ASSIGNMENT: After finding the line containing "Proof. by vm_compute. Qed." below, please output that line and each following one through the line containing "read upwards along", exactly as written.

Segment Start: SUPPLIED ENTRIES

(* For any graph $\Gamma$, the dimer complex $X_{\mathcal{D}}(\Gamma)$ is a nonpositively curved cubed complex.
   Context: A graph is a nonempty 1-dimensional CW-complex with no loops and no isolated vertices (multiple edges allowed); $E$ is its edge set. The power group $2^E$ is the group of subsets of $E$ under symmetric difference. An even cycle is a finite set of edges forming an embedded circle with an even number of edges; two edge sets are independent if no edge of one shares a vertex with an edge of the other. $\mathcal{D}=\mathcal{D}(\Gamma)$ is the set of perfect matchings (edge sets meeting every vertex in exactly one edge). For a finite set $T$ of pairwise independent even cycles let $[T]=\bigcup_{t\in T}t$ (the product in $2^E$). The dimer complex $X_{\mathcal{D}}$ is the cubed complex with one $k$-cube for each pair $(A,S)$ where $A\in\mathcal{D}$ and $S$ is a set of $k$ pairwise independent even cycles with $[T]A\in\mathcal{D}$ for all $T\subset S$, the pairs $(A,S)$ and $([T]A,S)$ ($T\subset S$) giving the same cube; the vertices of this cube are the perfect matchings $[T]A$, $T\subset S$, and its faces are the cubes of $(A,S')$, $S'\subset S$ (so $A,B\in\mathcal{D}$ are joined by an edge iff $AB$ is an even cycle). A cubed complex is nonpositively curved if the link of each 0-cell is a simplicial complex and is a flag complex. *)

(* A graph is given by a type V of 0-cells, a type E of
   1-cells, and the two endpoint maps src, tgt : E -> V (orientation is
   irrelevant; everything below is symmetric in src/tgt).  Graphs may be
   infinite and locally infinite; multiple edges are allowed. *)
From Stdlib Require Import Arith List PeanoNat.
Import ListNotations.

Section Dimer.
Variables (V E : Type) (src tgt : E -> V).

(* subsets of E, i.e. elements of the power group 2^E *)
Definition eset := E -> Prop.
Definition cset := eset -> Prop.

Definition incident (e : E) (v : V) : Prop := src e = v \/ tgt e = v.

Definition share_vertex (e f : E) : Prop :=
  exists v, incident e v /\ incident f v.

(* product in the power group 2^E = symmetric difference *)
Definition esymdiff (X Y : eset) : eset :=
  fun e => (X e /\ ~ Y e) \/ (~ X e /\ Y e).

Definition csymdiff (X Y : cset) : cset :=
  fun c => (X c /\ ~ Y c) \/ (~ X c /\ Y c).

Definition csubset (T S : cset) : Prop := forall c, T c -> S c.

Definition cfinite (S : cset) : Prop :=
  exists l : list eset, forall c, S c <-> In c l.

Definition perfect_matching (A : eset) : Prop :=
  forall v, exists e, A e /\ incident e v /\
    forall f, A f -> incident f v -> f = e.

(* even cycle: a finite set of edges forming an embedded circle
   v_0 -e_0- v_1 -e_1- ... -e_{n-1}- v_0 with distinct vertices, distinct
   edges, and n even (n >= 2; n = 2 means two parallel edges). *)
Definition even_cycle (C : eset) : Prop :=
  exists (n : nat) (vs : nat -> V) (es : nat -> E),
    2 <= n /\ Nat.Even n /\
    (forall i j, i < n -> j < n -> vs i = vs j -> i = j) /\
    (forall i j, i < n -> j < n -> es i = es j -> i = j) /\
    (forall i, i < n ->
        (src (es i) = vs i /\ tgt (es i) = vs (S i mod n)) \/
        (tgt (es i) = vs i /\ src (es i) = vs (S i mod n))) /\
    (forall e, C e <-> exists i, i < n /\ es i = e).
(* A sample: (x_1..x_T, x_{T+1}, x_o). *)
Definition sample := ({ffun 'I_T -> 'I_N} * 'I_N * 'I_N)%type.

Definition evec (x : 'I_N) : 'cV[R]_N := \col_i (i == x)%:R.

Definition Xmat (xs : {ffun 'I_T -> 'I_N}) : 'M[R]_(N, T) :=
  \matrix_(i < N, t < T) (i == xs t)%:R.

Definition sqnorm (mu : 'cV[R]_N) : R := \sum_i mu i 0 ^+ 2.

Definition ipmu (m : nat) (mu : 'cV[R]_N) (M M' : 'M[R]_(m, N)) : R :=
  \tr (M *m diag_mx mu^T *m M'^T).

Definition loss (V : 'M[R]_N) (A : 'M[R]_(T, N)) (s : sample) : R :=
  let: (xs, k, o) := s in
  let r := evec o - V *m Xmat xs *m A *m evec k in
  (\sum_i r i 0 ^+ 2) / 2.

Definition resid (V : 'M[R]_N) (A : 'M[R]_(T, N)) (s : sample) : 'cV[R]_N :=
  let: (xs, k, o) := s in evec o - V *m Xmat xs *m (A *m evec k).

Definition gradV (V : 'M[R]_N) (A : 'M[R]_(T, N)) (s : sample) : 'M[R]_N :=
  let: (xs, k, o) := s in
  - (resid V A s *m (Xmat xs *m (A *m evec k))^T).

Definition gradA (V : 'M[R]_N) (A : 'M[R]_(T, N)) (s : sample) : 'M[R]_(T, N) :=
  let: (xs, k, o) := s in
  - ((Xmat xs)^T *m V^T *m resid V A s *m (evec k)^T).

Definition precV (mu : 'cV[R]_N) (G : 'M[R]_N) : 'M[R]_N :=
  (1%:M - const_mx (N%:R^-1)) *m G *m diag_mx (\row_j (mu j 0)^-1)
    *m (1%:M - (sqnorm mu)^-1 *: (mu *m mu^T)).
(* Position of a generator along the descending link path s - a_0 - ... - a_d *)
Definition pos (g : gen) : nat := if g is Ga i then i.+1 else 0.
Definition gen_at (k : nat) : gen := if k is i.+1 then Ga i else Gs.

(* A relator  lam p lam^-1 q^-1 ; top edges are p and lam. *)
Record relator := Rel { lam : gen; pp : gen; qq : gen }.

Definition relators (d : nat) : seq relator :=
  Rel Gs (Ga 0) (Ga 0) :: [seq Rel (Ga i.+1) (Ga i) (Ga 0) | i <- iota 0 d].

(* The unique relator whose top edges are the generators at positions
   j and j.+1 of the descending link path (the j-th edge of the path). *)
Definition rel_edge (j : nat) : relator :=
  if j is i.+1 then Rel (Ga i.+1) (Ga i) (Ga 0) else Rel Gs (Ga 0) (Ga 0).

(* A square copy C of relator e, glued in a simple fan with top edges
   x (=v_{i-1}) then y (=v_i).  We record (e, o) where o = true iff
   x = lam, in which case the bottom word from the initial vertex of the
   top edge x to that of the top edge y is q^-1 lam (edge letter x_e);
   otherwise it is lam^-1 q (edge letter x_e^-1). *)
Definition square (x y : gen) : relator * bool :=
  let e := rel_edge (minn (pos x) (pos y)) in (e, pos x == pos (lam e)).

(* Vertex-rim contribution of a square, as the pair (a_i, b_i) of the
   two-letter word a_i^-1 b_i. *)
Definition vpair (sq : relator * bool) : gen * gen :=
  if sq.2 then (qq sq.1, lam sq.1) else (lam sq.1, qq sq.1).

(* Edge-rim letter of a square: (e, true) = x_e, (e, false) = x_e^-1. *)
Definition eletter (sq : relator * bool) : relator * bool := sq.

(* Squares of the simple fan Fan(a,b), in order C_1, ..., C_k along the
   descending-link path a = v_0, ..., v_k = b.  Fan(a,a) has no squares. *)
Definition simple_fan (a b : gen) : seq (relator * bool) :=
  let i := pos a in let j := pos b in
  if i <= j then [seq square (gen_at k) (gen_at k.+1) | k <- iota i (j - i)]
  else [seq square (gen_at k.+1) (gen_at k) | k <- rev (iota j (i - j))].

(* fan u v = (squares of the outermost layer, i.e. of the attached simple
   fans, in rim order ; total number of squares = Area) for Fan(u,v),
   u, v positive words of the same length n >= 1. *)
Fixpoint fan (u v : seq gen) : seq (relator * bool) * nat :=
  match u, v with
  | a :: u', b :: v' =>
    match u', v' with
    | [::], [::] => let sq := simple_fan a b in (sq, size sq)
    | _, _ =>
      let F' := fan u' v' in
      let rim := map vpair F'.1 in                 (* (a_1,b_1)..(a_k,b_k) *)
      let as_ := rcons (map fst rim) b in          (* a_1..a_k, a_{k+1} = b *)
      let bs := a :: map snd rim in                (* b_0 = a, b_1..b_k *)
      let sq := flatten [seq simple_fan p.1 p.2 | p <- zip bs as_] in
      (sq, F'.2 + size sq)
    end
  | _, _ => ([::], 0)
  end.

Definition vrim (u v : seq gen) : seq (gen * gen) := map vpair (fan u v).1.
Definition erim (u v : seq gen) : seq (relator * bool) := map eletter (fan u v).1.
Definition area (u v : seq gen) : nat := (fan u v).2.

Definition asymp (f g : nat -> nat) : Prop :=
  exists c C : rat, (0 < c)%R /\ (0 < C)%R /\
    forall n : nat, (1 <= n)%N ->
      (c * (g n)%:R <= (f n)%:R /\ (f n)%:R <= C * (g n)%:R)%R.

Example ex1 : (size (erim (nseq 3 (Ga 0)) (nseq 3 (Ga 1))), area (nseq 3 (Ga 0)) (nseq 3 (Ga 1))) = (3, 6).
Proof. by vm_compute. Qed.

From mathcomp Require Import all_boot all_order all_algebra.
From mathcomp Require Import zify.
Import GRing.Theory Num.Theory.

(* The outer layer of Fan(u^(n+1), a_d^(n+1)) consists only of relator squares
   read upwards along the descending link path s - a_0 - ... - a_d, so it is
   recorded by the positions k of its squares on that path.  If c_j(n) counts
   the squares at position >= j in the n-th layer and p is the position of u,
   the gluing rule gives the Pascal-type recurrence
     c_j(n+1) = c_(j+1)(n+1) + c_j(n) + [p <= j]     (0 < j <= d),
   which traps c_j(n) between 'C(n+1, d+1-j) and (n+2)^(d+1-j).  For j = 1 this
   is the length n^d of the rim, and summing the layers gives the area n^(d+1). *)

Lemma leq_exp2rW m n e : m <= n -> m ^ e <= n ^ e.
Proof. by case: e => // e le_mn; rewrite leq_exp2r. Qed.

Lemma count_mem_iota i m n : count_mem i (iota m n) = (m <= i < m + n).
Proof. by rewrite count_uniq_mem ?iota_uniq // mem_iota. Qed.

Lemma count_leq_split j L : count (leq j) L = count_mem j L + count (leq j.+1) L.
Proof. by elim: L => //= k L ->; case: (ltngtP j k); lia. Qed.

Lemma size_count_split0 (L : seq nat) : size L = count_mem 0 L + count (leq 1) L.
Proof. by rewrite -count_leq_split -(count_predT L); apply: eq_count. Qed.

Lemma count_leq_iota j m n : count (leq j) (iota m n) = m + n - maxn j m.
Proof. by elim: n m => [|n IHn] m /=; rewrite ?IHn; case: leqP; lia. Qed.

Lemma ffact_ge_expn N m : (N - m) ^ m <= N ^_ m.
Proof.
elim: m => [|m IHm]; first by rewrite ffactn0.
rewrite ffactnSr expnSr leq_mul ?(leq_trans _ IHm) ?leq_exp2rW //; lia.
Qed.

Lemma fact_leq_expn m : m`! <= m ^ m.
Proof.
elim: m => // m IHm; rewrite factS expnS leq_mul2l /=.
by apply: leq_trans IHm _; apply: leq_exp2rW.
Qed.

Lemma expn_leq_bin N m : 0 < m -> N ^ m <= (2 * m) ^ m * ('C(N, m) + 1).
Proof.
move=> m_gt0; rewrite mulnDr muln1; case: (ltnP N (2 * m)) => [lt_N | le_N].
  by apply: leq_trans (leq_addl _ _); apply: leq_exp2rW; lia.
apply: leq_trans (leq_addr _ _); apply: (@leq_trans ((2 * (N - m)) ^ m)).
  by apply: leq_exp2rW; lia.
rewrite !expnMn -mulnA leq_mul2l; apply/orP; right.
apply: leq_trans (ffact_ge_expn N m) _.
by rewrite -bin_ffact mulnC leq_mul2r fact_leq_expn orbT.
Qed.

Lemma asymp_expn (f : nat -> nat) (m C : nat) : 0 < m ->
  (forall n, 0 < f n.+1 /\ 'C(n.+1, m) <= f n.+1) ->
  (forall n, f n.+1 <= C * n.+2 ^ m) -> asymp f (fun n => n ^ m).
Proof.
move=> m_gt0 lb ub; have C_gt0 : 0 < C.
  by have := ub 0; have [f_gt0 _] := lb 0; rewrite lt0n; apply: contraTneq => ->; lia.
exists ((2 * (2 * m) ^ m)%:R^-1)%R, ((C * 2 ^ m)%:R)%R; rewrite invr_gt0 !ltr0n.
rewrite !muln_gt0 !expn_gt0 C_gt0 /=; split; first by lia.
split=> // -[//|n] _; rewrite ler_pdivrMl ?ltr0n ?muln_gt0 ?expn_gt0; last by lia.
rewrite -!natrM !ler_nat; split.
  have [f_gt0 lb_f] := lb n; apply: leq_trans (expn_leq_bin _ _ m_gt0) _.
  by rewrite -mulnA mulnCA leq_mul2l; apply/orP; right; lia.
apply: leq_trans (ub n) _; rewrite -mulnA leq_mul2l -expnMn leq_exp2rW ?orbT //.
lia.
Qed.

Definition up_square (k : nat) := square (gen_at k) (gen_at k.+1).

Definition rim_pos (k : nat) : nat := if k is 0 then 0 else 1.

(* Positions of the squares of the simple fans Fan(b_(i-1), a_i) glued onto a
   layer L: b is the position of b_0, and [rim_pos k] that of the rim letter b_i
   contributed by [up_square k]. *)
Fixpoint next_layer (d b : nat) (L : seq nat) : seq nat :=
  match L with
  | [::] => iota b (d.+1 - b)
  | k :: L' => iota b (k.+1 - b) ++ next_layer d (rim_pos k) L'
  end.

Definition layer (d p n : nat) : seq nat := iter n.+1 (next_layer d p) [::].

Lemma pos_gen_at k : pos (gen_at k) = k.
Proof. by case: k. Qed.

Lemma vpair_up_square k : vpair (up_square k) = (gen_at k.+1, gen_at (rim_pos k)).
Proof.
case: k => [|k] //.
by rewrite /up_square /square /= minnSS (minn_idPl (leqnSn _)) eqSS ltn_eqF.
Qed.

Lemma simple_fan_up x y : pos x <= pos y ->
  simple_fan x y = map up_square (iota (pos x) (pos y - pos x)).
Proof. by move=> le_xy; rewrite /simple_fan le_xy. Qed.

Lemma fan_cons2 a a' u b b' v : fan [:: a, a' & u] [:: b, b' & v] =
  let F' := fan (a' :: u) (b' :: v) in
  let rim := map vpair F'.1 in
  let sq := flatten [seq simple_fan p.1 p.2 |
                     p <- zip (a :: map snd rim) (rcons (map fst rim) b)] in
  (sq, F'.2 + size sq).
Proof. by []. Qed.

Lemma outer_layer_up d x L : pos x <= (head d L).+1 ->
  let rim := map vpair (map up_square L) in
  flatten [seq simple_fan p.1 p.2 | p <- zip (x :: map snd rim) (rcons (map fst rim) (Ga d))]
  = map up_square (next_layer d (pos x) L).
Proof.
elim: L x => [|k L IHL] x /= le_x; first by rewrite cats0 simple_fan_up.
rewrite vpair_up_square /= simple_fan_up // map_cat IHL; first by rewrite pos_gen_at.
by rewrite pos_gen_at; case: k {le_x}.
Qed.

Lemma layerS d p n : layer d p n.+1 = next_layer d p (layer d p n).
Proof. by rewrite /layer iterS. Qed.

Lemma layer_cons d p n : p <= d -> exists L, layer d p n = p :: L.
Proof.
move=> le_pd; have head_next L : p <= head d L -> exists L', next_layer d p L = p :: L'.
  by case: L => [|k L] /= le_p; rewrite subSn //=; eexists.
elim: n => [|n [L IHn]]; first exact: head_next.
by rewrite layerS IHn; apply: head_next.
Qed.

Lemma fan_nseq d u n : pos u <= d ->
  fan (nseq n.+1 u) (nseq n.+1 (Ga d)) =
  (map up_square (layer d (pos u) n), \sum_(k < n.+1) size (layer d (pos u) k)).
Proof.
move=> le_ud; elim: n => [|n IHn].
  by rewrite /= simple_fan_up ?big_ord1 ?size_map //= leqW.
rewrite fan_cons2 IHn /= outer_layer_up -?layerS; last first.
  by have [L ->] := layer_cons d (pos u) n le_ud.
by rewrite size_map [in RHS]big_ord_recr.
Qed.

Section NextLayer.

Variable d : nat.

Lemma count_mem0_next_layer b L : b <= 1 ->
  count_mem 0 (next_layer d b L) = (b == 0) + count_mem 0 L.
Proof.
elim: L b => [|k L IHL] b le_b1 /=; rewrite ?count_cat count_mem_iota.
  by case: b le_b1 => [|[]].
by rewrite IHL; [case: b le_b1 => [|[]] // _; case: k => /= *; lia | case: k].
Qed.

Lemma count_mem_next_layer j b L : 0 < j -> b <= 1 ->
  count_mem j (next_layer d b L) = count (leq j) L + (j <= d).
Proof.
move=> j_gt0; elim: L b => [|k L IHL] b le_b1 /=; rewrite ?count_cat count_mem_iota.
  by case: b le_b1 => [|[]] //= _; lia.
by rewrite IHL; [case: b le_b1 => [|[]] //= _; lia | case: k].
Qed.

Lemma all_next_layer b L : all (leq^~ d) L -> all (leq^~ d) (next_layer d b L).
Proof.
elim: L b => [|k L IHL] b /=.
  by move=> _; apply/allP => x; rewrite mem_iota; lia.
case/andP=> le_kd le_L; rewrite all_cat IHL // andbT.
by apply/allP => x; rewrite mem_iota; lia.
Qed.

End NextLayer.

Section Layers.

Variables d p : nat.
Hypothesis le_pd : p <= d.

Local Notation layer := (layer d p).

Lemma count_leq_layer_gt j n : d < j -> count (leq j) (layer n) = 0.
Proof.
move=> lt_dj; have /allP le_d : all (leq^~ d) (layer n).
  by elim: n => [|n IHn]; rewrite ?layerS; apply: all_next_layer.
apply/eqP; rewrite -leqn0 leqNgt -has_count; apply/hasP => -[k /le_d]; lia.
Qed.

Segment End: SUPPLIED ENTRIES

RESPONSE AREA:
Proof. by vm_compute. Qed.

From mathcomp Require Import all_boot all_order all_algebra.
From mathcomp Require Import zify.
Import GRing.Theory Num.Theory.

(* The outer layer of Fan(u^(n+1), a_d^(n+1)) consists only of relator squares
   read upwards along the descending link path s - a_0 - ... - a_d, so it is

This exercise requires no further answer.